┌─ Task input

(* Let $\lambda=(\lambda_1\ge\dots\ge\lambda_N)$ be a dominant coweight of $\operatorname{GL}(N)$, $|\lambda|=\sum_i\lambda_i$, $n(\lambda)=\sum_{i=1}^N(i-1)\lambda_i$. Consider the power series $$P_\lambda(t)=\sum_{\vec\lambda}t^{2\Delta(\lambda,\vec\lambda)}\prod_{j=1}^{N-1}P_{\operatorname{GL}(N-j)}(t;\lambda^j),$$ summed over tuples $\vec\lambda=(\lambda^1,\dots,\lambda^{N-1})$ with $\lambda^j$ a dominant coweight of $\operatorname{GL}(N-j)$, where, with $\lambda^0:=\lambda$, $$2\Delta(\lambda,\vec\lambda)=\sum_{j=1}^{N-1}\sum_{i,i'}|\lambda^{j-1}_i-\lambda^j_{i'}|-2\sum_{j=1}^{N-1}\sum_{i<i'}|\lambda^j_i-\lambda^j_{i'}|,$$ and $P_{\operatorname{GL}(n)}(t;\mu)=\prod_k\prod_{s=1}^{m_k}(1-t^{2s})^{-1}$, $m_k$ being the multiplicities of the distinct entries of $\mu$. Then $P_\lambda(t)\in t^{(N-1)|\lambda|-2n(\lambda)}\mathbb Z[[t]]$, and the coefficient of $t^{(N-1)|\lambda|-2n(\lambda)}$ equals $\dim V^\lambda$, the dimension of the irreducible $\operatorname{GL}(N)$-module of highest weight $\lambda$. (Equivalently, the costalk $H^{G_{\mathcal O}}_*(\tilde{\mathcal R}^\lambda)$ of the type $A_{N-1}$ theory, with the modified grading whose Hilbert series is $P_\lambda$, lives in degrees $\ge\dim\mathrm{Gr}^\lambda_{\operatorname{PGL}(N)}$ and its lowest component has dimension $\dim V^\lambda$.)
   Context: $P_{\operatorname{GL}(n)}(t;\mu)$ is the Poincaré series of $H^*_{\operatorname{Stab}_{\operatorname{GL}(n)}(\mu)}(\mathrm{pt})$. $(N-1)|\lambda|-2n(\lambda)=\langle2\rho^\vee,\lambda\rangle=\dim\mathrm{Gr}^\lambda_{\operatorname{PGL}(N)}$. The series $P_\lambda(t)$ is the (modified) monopole formula for the costalk at $\lambda$ of the type $A_{N-1}$ quiver gauge theory with $\dim V=(N-1,\dots,1)$, $\dim W=(N,0,\dots,0)$. *)

From HB Require Import structures.
From mathcomp Require Import all_boot all_order all_algebra.
Set Implicit Arguments. Unset Strict Implicit. Unset Printing Implicit Defensive.
Import Order.TTheory GRing.Theory Num.Theory.
Local Open Scope ring_scope.

Definition isDomCoweight (n : nat) (mu : seq int) : bool :=
  (size mu == n) && sorted (fun x y : int => y <= x) mu.

Definition wsize (lam : seq int) : int := \sum_(x <- lam) x.

(* n(lambda) = sum_{i=1}^N (i-1) lambda_i  (0-indexed: sum_i i * lam_i) *)
Definition nfun (lam : seq int) : int :=
  \sum_(i < size lam) (i%:Z * nth 0 lam i).

(* The exponent (N-1)|lambda| - 2 n(lambda) = dim Gr^lambda_{PGL(N)} *)
Definition lowDeg (N : nat) (lam : seq int) : int :=
  (N.-1)%:Z * wsize lam - 2%:Z * nfun lam.

Definition pairAbsSum (a b : seq int) : int :=
  \sum_(x <- a) \sum_(y <- b) `|x - y|.

Definition selfAbsSum (a : seq int) : int :=
  \sum_(i < size a) \sum_(i' < size a | (i < i')%N) `|nth 0 a i - nth 0 a i'|.

(* 2 Delta(lambda, vec lambda), where vec = [lambda^1; ...; lambda^{N-1}]
   and lambda^0 := lambda. *)
Definition twoDelta (lam : seq int) (vec : seq (seq int)) : int :=
  \sum_(p <- zip (lam :: vec) vec) pairAbsSum p.1 p.2
  - 2%:Z * \sum_(mu <- vec) selfAbsSum mu.

(* Admissible tuples: vec = (lambda^1, ..., lambda^{N-1}) with lambda^j a
   dominant coweight of GL(N-j).  (0-indexed: entry j is lambda^{j+1}.) *)
Definition admissible (N : nat) (vec : seq (seq int)) : Prop :=
  size vec = N.-1 /\
  forall j : nat, (j < N.-1)%N -> isDomCoweight (N.-1 - j) (nth [::] vec j).

(* P_{GL(n)}(t; mu) = prod_k prod_{s=1}^{m_k} (1 - t^{2s})^{-1}, m_k the
   multiplicities of the distinct entries of mu.  glFactors mu lists the
   exponents 2s of all these geometric factors (1 - t^{2s})^{-1}. *)
Definition glFactors (mu : seq int) : seq nat :=
  flatten [seq [seq (s.*2)%N | s <- iota 1 (count_mem v mu)] | v <- undup mu].

Definition allFactors (vec : seq (seq int)) : seq nat :=
  flatten [seq glFactors mu | mu <- vec].

(* A monomial of the expanded series P_lambda(t): a tuple vec together with
   an exponent a_f >= 0 chosen for each geometric factor (1 - t^f)^{-1}. *)
Definition isTerm (N : nat) (x : seq (seq int) * seq nat) : Prop :=
  admissible N x.1 /\ size x.2 = size (allFactors x.1).

Definition termDeg (lam : seq int) (x : seq (seq int) * seq nat) : int :=
  twoDelta lam x.1
  + (\sum_(i < size x.2) (nth 0%N x.2 i * nth 0%N (allFactors x.1) i)%N)%:Z.

(* "The coefficient of t^m in P_lambda(t) is the (finite) integer c":
   the monomials of degree m form a finite set of exactly c elements
   (all monomials have coefficient +1). *)
Definition coeffIs (N : nat) (lam : seq int) (m : int) (c : nat) : Prop :=
  exists s : seq (seq (seq int) * seq nat),
    [/\ uniq s, size s = c &
        forall x, x \in s <-> (isTerm N x /\ termDeg lam x = m)].

Definition weylDim (lam : seq int) : rat :=
  \prod_(i < size lam) \prod_(j < size lam | (i < j)%N)
     (((nth 0 lam i - nth 0 lam j)%:~R + (j - i)%:R) / (j - i)%:R).

From HB Require Import structures.
From mathcomp Require Import all_boot all_order all_algebra.
From mathcomp Require Import fingroup perm.
From mathcomp Require Import ring lra zify.
Import Order.TTheory GRing.Theory Num.Theory.
Local Open Scope ring_scope.
Set Implicit Arguments. Unset Strict Implicit. Unset Printing Implicit Defensive.

(* Along the chain lam = lam^0, lam^1, ..., lam^(N-1) the exponent splits as
     2 Delta(lam, vec) = sum_(i<i') |lam_i - lam_i'| + sum_j E(lam^(j-1), lam^j),
   where the first sum is (N-1)|lam| - 2 n(lam) for dominant lam, and the excess
     E(a, b) = sum_(i,i') |a_i - b_i'| - sum_(i<i') |a_i - a_i'| - sum_(i<i') |b_i - b_i'|
   of dominant a, b of lengths k+1 and k is a sum of slacks |u| - u >= 0, which
   vanishes exactly when b interlaces a.  So every monomial has degree at least
   (N-1)|lam| - 2 n(lam); the monomials of that degree are the Gelfand-Tsetlin
   patterns with all factor exponents zero; and bounding the degree bounds the
   excess, hence the entries and exponents, so every coefficient is finite.
   Gelfand-Tsetlin patterns are counted by the branching rule, which we derive
   from the Weyl dimension formula: with l_j = j - lam_j and V the Vandermonde
   product, k! * sum_(mu interlacing lam) V(l(mu)) = V(l(lam)), obtained by writing
   V as a determinant of falling factorials and telescoping adjacent columns. *)

(** * Cartesian products of sequences *)

Fixpoint cartesian (T : Type) (Rs : seq (seq T)) : seq (seq T) :=
  if Rs is X :: Rs' then [seq x :: y | x <- X, y <- cartesian Rs'] else [:: [::]].

Lemma big_cartesian (R : comPzSemiRingType) (T : Type) (x0 : T) (Rs : seq (seq T))
    (F : 'I_(size Rs) -> T -> R) :
  \sum_(y <- cartesian Rs) \prod_(j < size Rs) F j (nth x0 y j) =
  \prod_(j < size Rs) \sum_(v <- nth [::] Rs j) F j v.
Proof.
elim: Rs F => [|X Rs IH] F /=; first by rewrite big_seq1 !big_ord0.
rewrite big_allpairs_dep big_ord_recl big_distrl /=; apply: eq_bigr => x _.
rewrite -(IH (fun j => F (lift ord0 j))) big_distrr /=; apply: eq_bigr => y _.
by rewrite big_ord_recl.
Qed.

Section CartesianEq.

Variable T : eqType.

Lemma mem_cartesian_cons (x : T) y X Rs :
  (x :: y \in cartesian (X :: Rs)) = (x \in X) && (y \in cartesian Rs).
Proof.
apply/allpairsPdep/andP => [[x' [y' [Xx' y'Rs [-> ->]]]] // | [Xx yRs]].
by exists x, y.
Qed.

Lemma size_mem_cartesian (Rs : seq (seq T)) y : y \in cartesian Rs -> size y = size Rs.
Proof.
elim: Rs y => [|X Rs IH] [|x y] //=.
  by case/allpairsPdep => ? [? [_ _]].
by rewrite mem_cartesian_cons => /andP[_ /IH ->].
Qed.

Lemma cartesianP (x0 : T) (Rs : seq (seq T)) y :
  reflect (size y = size Rs /\ forall j, (j < size Rs)%N -> nth x0 y j \in nth [::] Rs j)
          (y \in cartesian Rs).
Proof.
elim: Rs y => [|X Rs IH] [|x y].
- by rewrite mem_seq1; constructor.
- by rewrite mem_seq1; constructor => -[].
- by apply: (iffP idP) => [/size_mem_cartesian | []].
rewrite mem_cartesian_cons; apply: (iffP andP) => [[Xx /IH [sz_y y_Rs]] | [[sz_y] y_Rs]].
  by split=> [|[|j] lt_j] //=; [rewrite sz_y | apply: y_Rs].
by split; [apply: (y_Rs 0%N) | apply/IH; split=> // j; apply: (y_Rs j.+1)].
Qed.

Lemma mem_cartesian_nseq (X y : seq T) : {subset y <= X} -> y \in cartesian (nseq (size y) X).
Proof.
elim: y => [|x y IH] sub_yX //=; rewrite mem_cartesian_cons sub_yX ?mem_head //=.
by apply: IH => z yz; rewrite sub_yX // inE yz orbT.
Qed.

Lemma cons_allpairs_uniq (s : seq T) (t : T -> seq (seq T)) :
  uniq s -> {in s, forall x, uniq (t x)} -> uniq [seq x :: y | x <- s, y <- t x].
Proof.
move=> us ut; apply: allpairs_uniq_dep => // -[x1 y1] [x2 y2] _ _ /= [ex ey].
by subst x2; rewrite ey.
Qed.

Lemma cartesian_uniq (Rs : seq (seq T)) : all uniq Rs -> uniq (cartesian Rs).
Proof.
elim: Rs => [|X Rs IH] //= /andP[uX uRs].
by apply: cons_allpairs_uniq => // x _; apply: IH.
Qed.

End CartesianEq.

(** * Determinants of falling factorials *)

Section Determinants.

Variable R : comNzRingType.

└─

> [Work to complete] A single figure is required: the number of lines in the entries that hold the string "monomials".

> [Result of this task] 3